If we now sample another *m* events as $W2$, and play these into the tree, we get another set of events $E_{W2}$, $|E_{W2}| = |E_{W1}| = |W1| = |W2| = m$.

The hypothesis is that if $W1$ and $W2$ are drawn from the same distribution, then $E_{W2}$ and $E_{W1}$ should be similar, as data from an unchanged distribution should cause minimal structural changes in the tree.

We can model these events with a multinomial distribution of parameters $p$ and $k$.

\begin{align}
\frac{n!}{x_1!, ..., x_k!} p_{1}^{x_1},...,p_{k}^{x_k}
\end{align}

Taking the empirical $p$ and $k$ from $E_{W1}$, we can assess the log-likelihood of the data from $E_{W2}$ with respect to these parameters.

The multinomial distribution offers a simplification of the log-likelihood ratio, the G-test.

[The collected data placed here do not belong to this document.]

(* Let $\mathcal W$ be a monotonic game on $[n]$, $i\neq j$ players, and $\hat{\mathcal W}$ the game obtained by imposing a symmetric weak quarrel between $i$ and $j$. Then the Shapley–Shubik index satisfies $\hat\psi^{SS}_i\le\psi^{SS}_i$ and $\hat\psi^{SS}_j\le\psi^{SS}_j$, where $\psi^{SS}$ and $\hat\psi^{SS}$ denote the index computed in $\mathcal W$ and $\hat{\mathcal W}$ respectively.
   Context: Players are $[n]=\{1,\dots,n\}$. A binary voting game on $[n]$ is identified with its collection $\mathcal W\subseteq 2^{[n]}$ of winning sets ($S\in\mathcal W$ means the division in which exactly the members of $S$ vote YES has outcome YES). It is monotonic if $T\subseteq S$ and $T\in\mathcal W$ imply $S\in\mathcal W$. Player $i$ is YES-decisive for $S$ in a game $\mathcal W$ if $i\in S$, $S\in\mathcal W$ and $S\setminus\{i\}\notin\mathcal W$. Symmetric weak quarrel between $i$ and $j$: for every $S\subseteq[n]\setminus\{i,j\}$, $S\cup\{i,j\}\in\hat{\mathcal W}\iff (S\cup\{i\}\in\mathcal W\text{ or }S\cup\{j\}\in\mathcal W)$; $S\in\hat{\mathcal W}\iff (S\cup\{i\}\in\mathcal W\text{ and }S\cup\{j\}\in\mathcal W)$; $S\cup\{i\}\in\hat{\mathcal W}\iff S\cup\{i\}\in\mathcal W$; $S\cup\{j\}\in\hat{\mathcal W}\iff S\cup\{j\}\in\mathcal W$. Shapley–Shubik index: for an ordering $\sigma=(\sigma_1,\dots,\sigma_n)$ of $[n]$, player $i$ is pivotal in $\sigma$ if $\sigma_k=i$ and $i$ is YES-decisive for $\{\sigma_1,\dots,\sigma_k\}$; then $\psi^{SS}_i=\frac{1}{n!}\#\{\sigma: i\text{ is pivotal in }\sigma\}$. *)

From mathcomp Require Import all_boot all_order all_algebra all_fingroup.
Set Implicit Arguments. Unset Strict Implicit. Unset Printing Implicit Defensive.
Import GRing.Theory Num.Theory.

(* A binary voting game on players 'I_n (= [n], shifted to 0..n-1) is its set
   of winning coalitions. *)
Definition game (n : nat) := {set {set 'I_n}}.

Definition monotonic n (W : game n) : Prop :=
  forall S T : {set 'I_n}, T \subset S -> T \in W -> S \in W.

Definition yes_decisive n (W : game n) (i : 'I_n) (S : {set 'I_n}) : bool :=
  [&& i \in S, S \in W & (S :\ i) \notin W].

Definition sym_weak_quarrel n (W What : game n) (i j : 'I_n) : Prop :=
  forall S : {set 'I_n}, i \notin S -> j \notin S ->
    [/\ (i |: (j |: S) \in What) = ((i |: S \in W) || (j |: S \in W)),
        (S \in What) = ((i |: S \in W) && (j |: S \in W)),
        (i |: S \in What) = (i |: S \in W) &
        (j |: S \in What) = (j |: S \in W)].

(* For an ordering sigma (a permutation; sigma k = the player in position k),
   the set of players up to and including position k. *)
Definition predecessors n (sigma : {perm 'I_n}) (k : 'I_n) : {set 'I_n} :=
  [set sigma l | l : 'I_n & l <= k].

Definition pivotal n (W : game n) (sigma : {perm 'I_n}) (i : 'I_n) : bool :=
  [exists k : 'I_n, (sigma k == i) && yes_decisive W i (predecessors sigma k)].

Definition shapley_shubik n (W : game n) (i : 'I_n) : rat :=
  ((#|[set sigma : {perm 'I_n} | pivotal W sigma i]|)%:R / (n`!)%:R)%R.

From mathcomp Require Import all_boot all_order all_algebra all_fingroup.
Import GRing.Theory Num.Theory.
Local Open Scope ring_scope.

(* The Shapley-Shubik index of i counts the orderings in which i is
   YES-decisive for its predecessors, so it suffices that i stays decisive in
   W wherever it is decisive after the quarrel.  For a coalition i + S with j
   outside S, decisiveness after the quarrel means i + S wins and j + S loses,
   so S loses by monotonicity.  For i + j + S it means j + S loses, so i + S
   wins, hence so does i + j + S. *)

Lemma sym_weak_quarrelC {n} {W What : game n} {i j} :
  sym_weak_quarrel W What i j -> sym_weak_quarrel W What j i.
Proof.
move=> quarrel S jS iS; have [Uij U0 Ui Uj] := quarrel S iS jS.
by split=> //; [rewrite setUCA Uij orbC | rewrite U0 andbC].
Qed.

Lemma shapley_shubik_le n (W W' : game n) i :
  (forall S, yes_decisive W' i S -> yes_decisive W i S) ->
  shapley_shubik W' i <= shapley_shubik W i.
Proof.
move=> decW'W; rewrite /shapley_shubik ler_wpM2r ?invr_ge0 ?ler0n // ler_nat.
apply/subset_leq_card/subsetP => sigma; rewrite !inE.
case/existsP => k /andP[sigma_k dec]; apply/existsP; exists k.
by rewrite sigma_k decW'W.
Qed.

Section SymmetricWeakQuarrel.

Variables (n : nat) (W What : game n) (i j : 'I_n).
Hypotheses (monW : monotonic W) (neq_ij : i != j)
  (quarrel : sym_weak_quarrel W What i j).

Lemma yes_decisive_quarrel_setU1 (S : {set 'I_n}) :
  i \notin S -> j \notin S ->
  yes_decisive What i (i |: S) -> yes_decisive W i (i |: S).
Proof.
move=> iS jS; have [_ U0 Ui _] := quarrel S iS jS.
rewrite /yes_decisive setU11 setU1K // U0 Ui /= => /andP[iSW].
rewrite iSW /= => /negP jSW; apply/negP => SW.
by apply: jSW; apply: monW SW; apply: subsetUr.
Qed.

Lemma yes_decisive_quarrel_setU2 (S : {set 'I_n}) :
  i \notin S -> j \notin S ->
  yes_decisive What i (i |: (j |: S)) -> yes_decisive W i (i |: (j |: S)).
Proof.
move=> iS jS; have [Uij _ _ Uj] := quarrel S iS jS.
have ijS : i \notin j |: S by rewrite !inE negb_or neq_ij.
rewrite /yes_decisive setU11 setU1K // Uij Uj /= => /andP[+ jSW].
rewrite (negbTE jSW) orbF => iSW; apply/andP; split => //.
by apply: monW iSW; rewrite setUCA; apply: subsetUr.
Qed.

Lemma yes_decisive_quarrel (P : {set 'I_n}) :
  yes_decisive What i P -> yes_decisive W i P.
Proof.
have [iP | /negbTE iP] := boolP (i \in P); last by rewrite /yes_decisive iP.
rewrite -(setD1K iP); have iPi : i \notin P :\ i by rewrite !inE eqxx.
have [jP | jP] := boolP (j \in P :\ i).
- rewrite -(setD1K jP); apply: yes_decisive_quarrel_setU2.
    by rewrite !inE eqxx !andbF.
  by rewrite !inE eqxx.
- exact: yes_decisive_quarrel_setU1.
Qed.

End SymmetricWeakQuarrel.

Theorem theorem14 (n : nat) (W What : game n) (i j : 'I_n) :
  monotonic W -> i != j -> sym_weak_quarrel W What i j ->
  shapley_shubik What i <= shapley_shubik W i /\
  shapley_shubik What j <= shapley_shubik W j.
Proof.
move=> monW neq_ij quarrel.
have neq_ji : j != i by rewrite eq_sym.
split; apply: shapley_shubik_le.
- exact: yes_decisive_quarrel monW neq_ij quarrel.
- exact: yes_decisive_quarrel monW neq_ji (sym_weak_quarrelC quarrel).
Qed.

With $m$ as the sample size, $E_i$ as the expected count of event type $i$, and $O_i$ as the observed count of event type $i$, the G statistic is given by

\begin{align}
G = -2\sum^{m}_{i=1}O_i\ln\left(\frac{E_i}{O_i}\right)
\end{align}

According to Wilk's theorem, as $m \to \infty$, $G$ asymptotically approaches a $\chi^2$ distribution under the null hypothesis. This provides us with a ready-made threshold with which to reject the null hypothesis.

1. [Dasu, Tamraparni, et al. "An information-theoretic approach to detecting changes in multi-dimensional data streams." In Proc. Symp. on the Interface of Statistics, Computing Science, and Applications. 2006.](http://www.cse.ust.hk/~yike/datadiff/datadiff.pdf)
2. [Faithfull, William. Unsupervised Change Detection in Multivariate Streaming Data. Diss. Bangor University, 2018.](https://www.researchgate.net/profile/Will_Faithfull/publication/328580385_Unsupervised_Change_Detection_in_Multivariate_Streaming_Data/links/5bd70ba74585150b2b8e6b2f/Unsupervised-Change-Detection-in-Multivariate-Streaming-Data.pdf)